Two lines in the listing below mark the span: one contains "(exists2 w0, is_weighting" and one contains "Upper bound: while". Reproduce both of them and everything between, exactly.

§ §

(* Let $k\ge 3$ and let $c_1\ge c_2\ge\dots\ge c_k>0$ be constants with $\sum_{i=1}^k c_i=1$. For every $n$ such that all $c_i n$ are integers, let $G_n$ be the complete $k$-partite graph with parts $V_1,\dots,V_k$, $|V_i|=c_i n$. Then: (i) if $c_2\le \tfrac12(1-c_1)$, $\mathrm{RC}(G_n)=n+c_1n-1$; (ii) if $c_2> \tfrac12(1-c_1)$, $\mathrm{RC}(G_n)=2(n-c_2n)$.
   Context: Robot crawler model: let $G=(V,E)$ be a finite connected simple graph with $|V|=n$. An initial weighting is a bijection $w_0:V\to\{-n,-n+1,\dots,-1\}$. At time $1$ the crawler visits $w_0^{-1}(-n)$. If the crawler visits vertex $v$ at time $t$, then $w_t(v)=t$ and $w_t(u)=w_{t-1}(u)$ for all $u\neq v$. If $\min_{y\in V}w_t(y)>0$, the process stops and $\mathcal{RC}(G,w_0):=t$. Otherwise, at time $t+1$ the crawler moves to the neighbour $u$ of $v$ minimising $w_t(u)$ (the weights are distinct, so this is well defined). A vertex is ''cleaned'' at the first time it is visited. With $\Omega_n$ the set of all $n!$ initial weightings, $\mathrm{rc}(G)=\min_{w_0\in\Omega_n}\mathcal{RC}(G,w_0)$, $\mathrm{RC}(G)=\max_{w_0\in\Omega_n}\mathcal{RC}(G,w_0)$, and $\overline{\mathrm{rc}}(G)=\mathbb{E}\,\mathcal{RC}(G,\overline{w_0})$ where $\overline{w_0}$ is uniformly distributed on $\Omega_n$. A complete $k$-partite graph with parts $V_1,\dots,V_k$ has an edge between $u$ and $v$ if and only if $u,v$ lie in different parts. *)

From HB Require Import structures.
From mathcomp Require Import all_boot all_order all_algebra.
Set Implicit Arguments. Unset Strict Implicit. Unset Printing Implicit Defensive.
Import Order.TTheory GRing.Theory Num.Theory.
Local Open Scope ring_scope.

Section Crawler.
Variables (T : finType) (e : rel T).

(* An initial weighting: a bijection T -> {-n,...,-1}, n = #|T|
   (injective into a set of size n, hence bijective). *)
Definition is_weighting (w0 : T -> int) : Prop :=
  injective w0 /\ forall v, - (#|T|%:Z) <= w0 v <= -1.

(* The element of P minimising w (unique when w is injective). *)
Definition argmin_on (P : pred T) (w : T -> int) : option T :=
  [pick u | P u && [forall y, P y ==> (w u <= w y)]].

(* crawl w0 t = (w_t, vertex visited at time t); time 0 = before start. *)
Fixpoint crawl (w0 : T -> int) (t : nat) : (T -> int) * option T :=
  match t with
  | 0%N => (w0, None)
  | t'.+1 =>
      let (w, p) := crawl w0 t' in
      let next := match p with
                  | None => argmin_on predT w          (* time 1: vertex of weight -n *)
                  | Some x => argmin_on (e x) w
                  end in
      match next with
      | Some v => (fun y => if y == v then (t'.+1)%:Z else w y, Some v)
      | None => (w, p)
      end
  end.

Definition all_clean (w0 : T -> int) (t : nat) : bool :=
  [forall y, 0 < (crawl w0 t).1 y].

Definition RC_run (w0 : T -> int) (t : nat) : Prop :=
  all_clean w0 t /\ forall s, (s < t)%N -> ~~ all_clean w0 s.

(* RC(G) = m : m is the maximum of RC(G,w0) over all initial weightings
   (in particular the process stops for every weighting). *)
Definition RC_is (m : nat) : Prop :=
  (forall w0, is_weighting w0 -> exists2 t, RC_run w0 t & (t <= m)%N) /\
  (exists2 w0, is_weighting w0 & RC_run w0 m).

End Crawler.

Definition multipartite_rel (T : finType) (part : T -> nat) : rel T :=
  fun u v => part u != part v.

From HB Require Import structures.
From mathcomp Require Import all_boot all_order all_algebra.
From mathcomp Require Import zify lra.
Import Order.TTheory GRing.Theory Num.Theory.
Set Implicit Arguments. Unset Strict Implicit.

(* Write V_q for the parts, largest first, and n for the number of vertices.
   Upper bound: while the dirty vertices meet at least two parts, the crawler
   always has a dirty neighbour, so every step cleans a new vertex.  Once they
   all lie in one part V_p, say d of them at time n - d, the crawler has to
   leave V_p after each of them, which ends the run at time n + d - 1.  Hence
   the run takes at most n + |V_p| - 1 <= n + |V_0| - 1 steps, and, since
   consecutive visits to a part are impossible, cleaning all of V_q (q <> p)
   before time n - d forces 2|V_q| <= n - d + 1, so the run also takes at most
   2(n - |V_q|) <= 2(n - |V_1|) steps.
   Lower bound: for t0 = max(n - |V_0|, 2|V_1| - 1), the vertices outside V_0
   together with t0 - (n - |V_0|) vertices of V_0 can be arranged so that
   consecutive ones lie in different parts, ending outside V_0 (greedily,
   always taking a vertex of a largest remaining part).  Weighting the
   vertices in this order followed by the rest of V_0, the crawler follows
   the arrangement and then needs 2(n - t0) - 1 more steps, for a total of
   min(n + |V_0| - 1, 2(n - |V_1|)).  With |V_0| = c_1 n and |V_1| = c_2 n,
   the minimum is the first term exactly when c_2 <= (1 - c_1)/2. *)

Section Arrangements.
Variables (T : finType) (part : T -> nat).
Local Notation cnt l s := (count (fun v => part v == l) s).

§ §

TASK SOLUTION:
  (exists2 w0, is_weighting w0 & RC_run w0 m).

End Crawler.

Definition multipartite_rel (T : finType) (part : T -> nat) : rel T :=
  fun u v => part u != part v.

From HB Require Import structures.
From mathcomp Require Import all_boot all_order all_algebra.
From mathcomp Require Import zify lra.
Import Order.TTheory GRing.Theory Num.Theory.
Set Implicit Arguments. Unset Strict Implicit.

(* Write V_q for the parts, largest first, and n for the number of vertices.
   Upper bound: while the dirty vertices meet at least two parts, the crawler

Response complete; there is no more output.